Aim of the task:
Which lines of the data include the string "exprM"? List them all.

[Stored items]
Lemma card_odd_two_neq0 : odd q -> (2%:R : F) != 0.
Proof. by move=> q_odd; apply: natf_prime_neq0; rewrite // dvdn2 q_odd. Qed.

Lemma card_mod3_three_neq0 : (q %% 3 = 2)%N -> (3%:R : F) != 0.
Proof. by move=> q_mod3; apply: natf_prime_neq0; rewrite // /dvdn q_mod3. Qed.

Lemma expf_card_pred (x : F) : x != 0 -> x ^+ q.-1 = 1.
Proof.
move=> x0; apply: (mulIf x0); rewrite mul1r -exprSr prednK ?expf_card //.
exact: ltnW card_gt1.
Qed.

Lemma exists_prim_root : exists g : F, q.-1.-primitive_root g.
Proof.
have q1_gt0 : (0 < q.-1)%N by have := card_gt1; lia.
have : has q.-1.-primitive_root (enum (predC1 (0 : F))).
  apply: has_prim_root => //; last by rewrite -cardE cardC1.
    by apply/allP => x; rewrite mem_enum inE unity_rootE => /expf_card_pred ->.
  exact: enum_uniq.
by case/hasP => g _; exists g.
Qed.

Lemma nonsquare_odd_exp (g x : F) : q.-1.-primitive_root g -> nonsquare x ->
  exists2 i, odd i & x = g ^+ i.
Proof.
move=> g_prim x_nsq.
have x0 : x != 0 by apply: contraNneq (x_nsq 0) => ->; rewrite mulr0.
have [[i _] /= xE] := prim_rootP g_prim (expf_card_pred x0).
exists i => //; apply: contraTT (x_nsq (g ^+ i./2)) => /negbTE i_even.
have halfK : (i./2).*2 = i by rewrite -[RHS]odd_double_half i_even.
by rewrite -exprD addnn halfK xE eqxx.
Qed.

Lemma nonsquareM (x y : F) : nonsquare x -> nonsquare y -> exists z, z * z = x * y.
Proof.
move=> x_nsq y_nsq; have [g g_prim] := exists_prim_root.
have [i i_odd ->] := nonsquare_odd_exp g_prim x_nsq.
have [j j_odd ->] := nonsquare_odd_exp g_prim y_nsq.
exists (g ^+ (i./2 + j./2).+1); rewrite -!exprD; congr (g ^+ _).
by have := odd_double_half i; have := odd_double_half j; rewrite i_odd j_odd; lia.
Qed.

Lemma square_N1 : (q %% 4 = 1)%N -> ~ nonsquare (-1 : F).
Proof.
move=> q_mod4 N1_nsq; have [g g_prim] := exists_prim_root.
have [i i_odd N1E] := nonsquare_odd_exp g_prim N1_nsq.
have : (q.-1 %| i.*2)%N by rewrite (prim_order_dvd g_prim) -muln2 exprM -N1E sqrrN expr1n.
have four_dvd : (4 %| q.-1)%N by have := card_gt1; lia.
by move/(dvdn_trans four_dvd); lia.
Qed.

Lemma nonsquare_N1 : (q %% 4 = 3)%N -> nonsquare (-1 : F).
Proof.
move=> q_mod4 z; apply/eqP => zz.
have two0 : (2%:R : F) != 0 by apply: card_odd_two_neq0; lia.
have z0 : z != 0 by apply: contra_eq_neq zz => ->; rewrite mulr0 eq_sym oppr_eq0 oner_eq0.
have := expf_card_pred z0.
have -> : q.-1 = (2 * (2 * (q.-1 %/ 4) + 1))%N by have := card_gt1; lia.
rewrite exprM expr2 zz -signr_odd oddD oddM /= expr1 => /eqP.
by rewrite -subr_eq0 -opprD oppr_eq0 (negbTE two0).
Qed.

Lemma cube_root1 (w : F) : (q %% 3 = 2)%N -> w ^+ 3 = 1 -> w = 1.
Proof.
move=> q_mod3 w3.
have w0 : w != 0 by apply: contra_eq_neq w3 => ->; rewrite expr0n eq_sym oner_eq0.
have := expf_card_pred w0.
have -> : q.-1 = (3 * (q.-1 %/ 3) + 1)%N by have := card_gt1; lia.
by rewrite exprD exprM w3 expr1n mul1r expr1.
Qed.

(* A square root s of -3 would make (s - 1) / 2 a nontrivial cube root of unity. *)
Lemma nonsquare_N3 : odd q -> (q %% 3 = 2)%N -> nonsquare (- 3%:R : F).
Proof.
move=> q_odd q_mod3 s; apply/eqP => ss.
have two0 := card_odd_two_neq0 q_odd.
have three0 := card_mod3_three_neq0 q_mod3.
have w1 : (s - 1) / 2%:R = 1.
  apply: (@cube_root1 _ q_mod3); apply/eqP; rewrite -subr_eq0.
  have -> : ((s - 1) / 2%:R) ^+ 3 - 1 = (s * s + 3%:R) * ((s - 1) / 2%:R - 1) / 4%:R.
    by field; rewrite four_neq0 // two0.
  by rewrite ss addNr !mul0r.
have s3 : s = 3%:R by rewrite -[s](subrK 1) -(divfK two0 (s - 1)) w1; ring.
have : 3%:R * (2%:R * 2%:R) = 0 :> F by rewrite -(subrr (s * s)) {2}ss s3; ring.
by apply/eqP; rewrite !mulf_neq0.
Qed.

Lemma cube_root_exists (x : F) : (q %% 3 = 2)%N -> exists t, t ^+ 3 = x.
Proof.
move=> q_mod3.
have cube_inj : injective (fun t : F => t ^+ 3).
  move=> t u /= tu; have [u0 | u0] := eqVneq u 0.
    by move: tu; rewrite u0 expr0n /= => /eqP; rewrite expf_eq0 /= => /eqP.
  rewrite -(divfK u0 t) (@cube_root1 (t / u) q_mod3) ?mul1r //.
  by rewrite expr_div_n tu divff // expf_neq0.
have [cbrt _ cbrtK] := injF_bij cube_inj.
by exists (cbrt x); rewrite cbrtK.
Qed.

End FiniteFieldPowers.

Section TwistedCubic.
Variable F : fieldType.
Implicit Types (a b c d k x y : F) (v : 'rV[F]_4).

Lemma vec4_mulmx (p0 p1 p2 p3 : F) (A : 'M[F]_4) :
  vec4 p0 p1 p2 p3 *m A = \row_j (p0 * A 0 j + p1 * A 1 j + p2 * A 2 j + p3 * A 3 j).
Proof.
apply/rowP => j; rewrite !mxE !big_ord_recr big_ord0 /= !mxE /= add0r.
by congr (_ + _ + _ + _); congr (_ * A _ j); apply/val_inj.
Qed.

Definition cubic_point x y : 'rV[F]_4 := vec4 (x ^+ 3) (x ^+ 2 * y) (x * y ^+ 2) (y ^+ 3).

(* Row i holds the coefficients of x^(3-i) y^i in cubic_point (a x + c y) (b x + d y). *)
Definition sym3 a b c d : 'M[F]_4 := \matrix_(i < 4) nth 0 [:: cubic_point a b;
  vec4 (3%:R * a ^+ 2 * c) (a ^+ 2 * d + 2%:R * a * b * c)
       (2%:R * a * b * d + b ^+ 2 * c) (3%:R * b ^+ 2 * d);
  vec4 (3%:R * a * c ^+ 2) (2%:R * a * c * d + b * c ^+ 2)
       (a * d ^+ 2 + 2%:R * b * c * d) (3%:R * b * d ^+ 2);
  cubic_point c d] i.

Lemma cubic_point_sym3 a b c d x y :
  cubic_point x y *m sym3 a b c d = cubic_point (a * x + c * y) (b * x + d * y).
Proof. by rewrite vec4_mulmx; apply/rowP => j; rewrite !mxE; case_ord4 j; ring. Qed.

Lemma sym3_mul a b c d a' b' c' d' :
  sym3 a b c d *m sym3 a' b' c' d' =
  sym3 (a * a' + b * c') (a * b' + b * d') (c * a' + d * c') (c * b' + d * d').
Proof.
apply/matrixP => i j; rewrite !mxE !big_ord_recr big_ord0 /= !mxE /= add0r.
by case_ord4 i; case_ord4 j; ring.
Qed.

Lemma sym3_id : sym3 1 0 0 1 = 1%:M.
Proof. by apply/matrixP => i j; rewrite !mxE; case_ord4 i; case_ord4 j; ring. Qed.

Lemma sym3K a b c d (D := a * d - b * c) : D != 0 ->
  sym3 a b c d *m sym3 (d / D) (- b / D) (- c / D) (a / D) = 1%:M /\
  sym3 (d / D) (- b / D) (- c / D) (a / D) *m sym3 a b c d = 1%:M.
Proof. by move=> D0; rewrite !sym3_mul -sym3_id; split; congr sym3; rewrite /D; field. Qed.

Lemma cubic_pointZ k x y : cubic_point (k * x) (k * y) = k ^+ 3 *: cubic_point x y.
Proof. by apply/rowP => j; rewrite !mxE; case_ord4 j; ring. Qed.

Exercise solution:
have : (q.-1 %| i.*2)%N by rewrite (prim_order_dvd g_prim) -muln2 exprM -N1E sqrrN expr1n.
rewrite exprM expr2 zz -signr_odd oddD oddM /= expr1 => /eqP.
by rewrite exprD exprM w3 expr1n mul1r expr1.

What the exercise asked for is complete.